2. load the localized electrode names from the .csv or .xlsx file listing their MNI coordinates into the mne object

3. filter and resample as necessary

4. re-reference 

**NOTE**: this notebook is meant to use the sample data, stored locally in the repo. This local data was pre-processed using the follow cell, which you will need to uncomment and modify according to your own data folders.

In [6]:
# for ix, subj_id in enumerate(subj_ids): 
#     site = subj_sites[ix]
#     format = subj_formats[ix]
    
#     print(f'Working on subj {subj_id}')
    
#     # Set paths
#     load_path = f'{base_dir}/projects/guLab/Salman/EMU/{subj_id}/neural/Day1'
#     elec_path = f'{base_dir}/projects/guLab/Salman/EMU/{subj_id}/anat/'
#     save_path = f'{base_dir}/projects/guLab/Salman/EphysAnalyses/{subj_id}/neural/Day1'
    
#     # Check if path exists for saving, and if not, make it
#     if not os.path.exists(save_path):
#         os.makedirs(save_path)

#     # electrode files could either be csv or excel
#     elec_files = glob(f'{elec_path}/*.csv') + glob(f'{elec_path}/*.xlsx')
#     # There should really only be one, so grab it with the zero-index 
#     elec_file = elec_files[0]

#     # Make MNE file
#     mne_data = lfp_preprocess_utils.make_mne(load_path=load_path, 
#                                              elec_path=elec_file,
#                                              format=format,
#                                              return_data=True,
#                                              site=site,
#                                              check_bad=False) # changed this to not annotate anything as bad 

#     # Save this data so that you don't need this step again:
#     mne_data.save(f'{save_path}/raw_ieeg.fif', overwrite=True)
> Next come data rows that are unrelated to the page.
Lemma most_violated_spec_keep_max (fam : ineq_idx -> bool) (viol : ineq_idx -> R)
    (cs : seq (R * ineq_idx)) :
  {in cs, forall c, fam c.2 /\ viol c.2 = c.1} ->
  (forall i, fam i -> exists2 c, c \in cs & viol i <= c.1) ->
  most_violated_spec fam viol (omap snd (foldl (@keep_max _) None cs)).
Proof.
move=> csP cs_cover [i [fi _]]; have [c cin _] := cs_cover i fi.
have := foldl_keep_max cs; case: foldl => [b [bin bmax]|cs0]; last by rewrite cs0 in cin.
have [fb vb] := csP b bin; exists b.2; split => // j fj.
have [c' c'in le_jc'] := cs_cover j fj; rewrite vb; exact: le_trans le_jc' (bmax _ c'in).
Qed.

End Run.

Lemma sum_le_sum_pos (R : realDomainType) (I : eqType) (r S : seq I) (f : I -> R) :
  uniq r -> uniq S -> {subset S <= r} ->
  \sum_(s <- S) f s <= \sum_(s <- r | 0 < f s) f s.
Proof.
move=> ur uS sSr; pose g s := if 0 < f s then f s else 0.
have g_ge0 s : 0 <= g s by rewrite /g; case: ifP => // /ltW.
have -> : \sum_(s <- r | 0 < f s) f s = \sum_(s <- r) g s by rewrite big_mkcond.
apply: (@le_trans _ _ (\sum_(s <- S) g s)).
  by apply: ler_sum => s _; rewrite /g; case: (ltP 0 (f s)).
rewrite (perm_big [seq s <- r | s \in S]) /=; last first.
  apply: uniq_perm; rewrite ?filter_uniq // => s.
  by rewrite mem_filter andbC; case sS: (s \in S); rewrite ?andbT ?andbF // sSr.
by rewrite (big_filter r (fun s => s \in S)) big_mkcond; apply: ler_sum => s _; case: ifP.
Qed.

Section BestSet.
Variables (R : realType) (T L : nat) (Cb Cu V Vb : R) (x y : nat -> R).

Definition gain k t s := coef Cu V Vb k s * (y (t - s) - y (t - s - 1)).

Definition best_set k m t := [seq s <- iota 0 (minn k (L - m.+1)) | 0 < gain k t s].

Definition best_idx k m t : ineq_idx := (k, m, best_set k m t, t).

Lemma fam1_best_idx k m S t :
  fam1 T L Cb Cu V (k, m, S, t) -> fam1 T L Cb Cu V (best_idx k m t).
Proof.
rewrite /= /kmS_ok => /andP [/and5P [-> -> -> -> _] ->] /=.
rewrite andbT filter_uniq ?iota_uniq //=; apply/allP => s.
rewrite mem_filter mem_iota => /andP [_ /andP [_ ?]]; lia.
Qed.

Lemma viol1_le_best k m S t : fam1 T L Cb Cu V (k, m, S, t) ->
  viol1 Cu V Vb x y (k, m, S, t) <= viol1 Cu V Vb x y (best_idx k m t).
Proof.
rewrite /= /kmS_ok => /andP [/and5P [k_ge1 _ _ _ /andP [uS /allP Sok]] _].
rewrite lerD2l lerN2 lerD2l lerN2 big_filter.
apply: (sum_le_sum_pos (gain k t)); rewrite ?iota_uniq // => s /Sok.
rewrite mem_iota => ?; lia.
Qed.

End BestSet.

Section Algorithm.
Variables (Val : Type) (T L : nat) (Cb Cu V Vb : Val) (x y : nat -> Val).

Definition coef_comp A k j (cont : Val -> Defs.comp Val A) : Defs.comp Val A :=
  Cst (Posz k) (fun kc => Cst (Posz j) (fun jc => Op OpSub kc jc (fun d =>
    Op OpMul d V (fun e => Op OpAdd Cu e (fun f => Op OpSub f Vb cont))))).

Definition gain_step k t s (acc : Val * seq nat) : Defs.comp Val (Val * seq nat) :=
  coef_comp k s (fun c => Op OpSub (y (t - s)) (y (t - s - 1)) (fun d => Op OpMul c d (fun g =>
    Cst 0 (fun z => Cmp g z (fun nonpos => if nonpos then Ret Val acc
      else Op OpAdd acc.1 g (fun v => Ret Val (v, rcons acc.2 s))))))).

Definition ysum_step t j (q : Val) : Defs.comp Val Val :=
  Op OpAdd q (y (t + j.+1)) (@Ret Val Val).

Definition visit_m k t (P : nat -> Val * seq nat) (Q : nat -> Val)
    (st : option (Val * ineq_idx)) m :=
  let n := minn k (L - m.+1) in
  Op OpSub (x t) (x (t - k)) (fun lhs => coef_comp k m (fun cm =>
  Op OpMul cm (y (t + m + 1)) (fun r1 => Op OpMul V (Q m) (fun r2 =>
  Op OpAdd r1 r2 (fun r3 => Op OpMul Vb (y t) (fun r4 => Op OpAdd r3 r4 (fun r5 =>
  Op OpMul Cu (y (t - k)) (fun r6 => Op OpSub r5 r6 (fun r7 =>
  Op OpSub r7 (P n).1 (fun rhs => Op OpSub lhs rhs (fun v =>
    update st v (k, m, (P n).2, t)))))))))))).

Definition search_t k st t :=
  Cst 0 (fun z => bind (scan k (z, [::]) (gain_step k t)) (fun P =>
    bind (scan k z (ysum_step t)) (fun Q =>
      foldM (visit_m k t P Q) st (iota 0 (minn k (T - t)))))).

Definition search_k st k :=
  Cst (Posz k) (fun kc => Op OpMul kc V (fun kV => Op OpSub Cb Cu (fun d =>
  Op OpSub d kV (fun slack => Cst 0 (fun z => Cmp slack z (fun nonpos =>
    if nonpos then Ret Val st else foldM (search_t k) st (iota k.+1 (T - k)))))))).

Definition most_violated1 : Defs.comp Val (option ineq_idx) :=
  bind (foldM search_k None (iota 1 T.-1)) (fun st => Ret Val (omap snd st)).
## Re-reference the data (default=bipolar): 

We re-reference the data to get rid of shared noise, cleaning the data to leave what we assume is local biological activity. 

In [7]:
# for ix, subj_id in enumerate(subj_ids): 
site = 'MSSM'
format = 'edf'
    
# Set load path
load_path = '/hpc/users/qasims01/resources/LFPAnalysis/data'

# Load electrode file 
elec_file = f'{load_path}/sample_labels.xlsx'

# Make MNE file
mne_data = mne.io.read_raw_fif(f'{load_path}/sample_ieeg.fif', preload=True)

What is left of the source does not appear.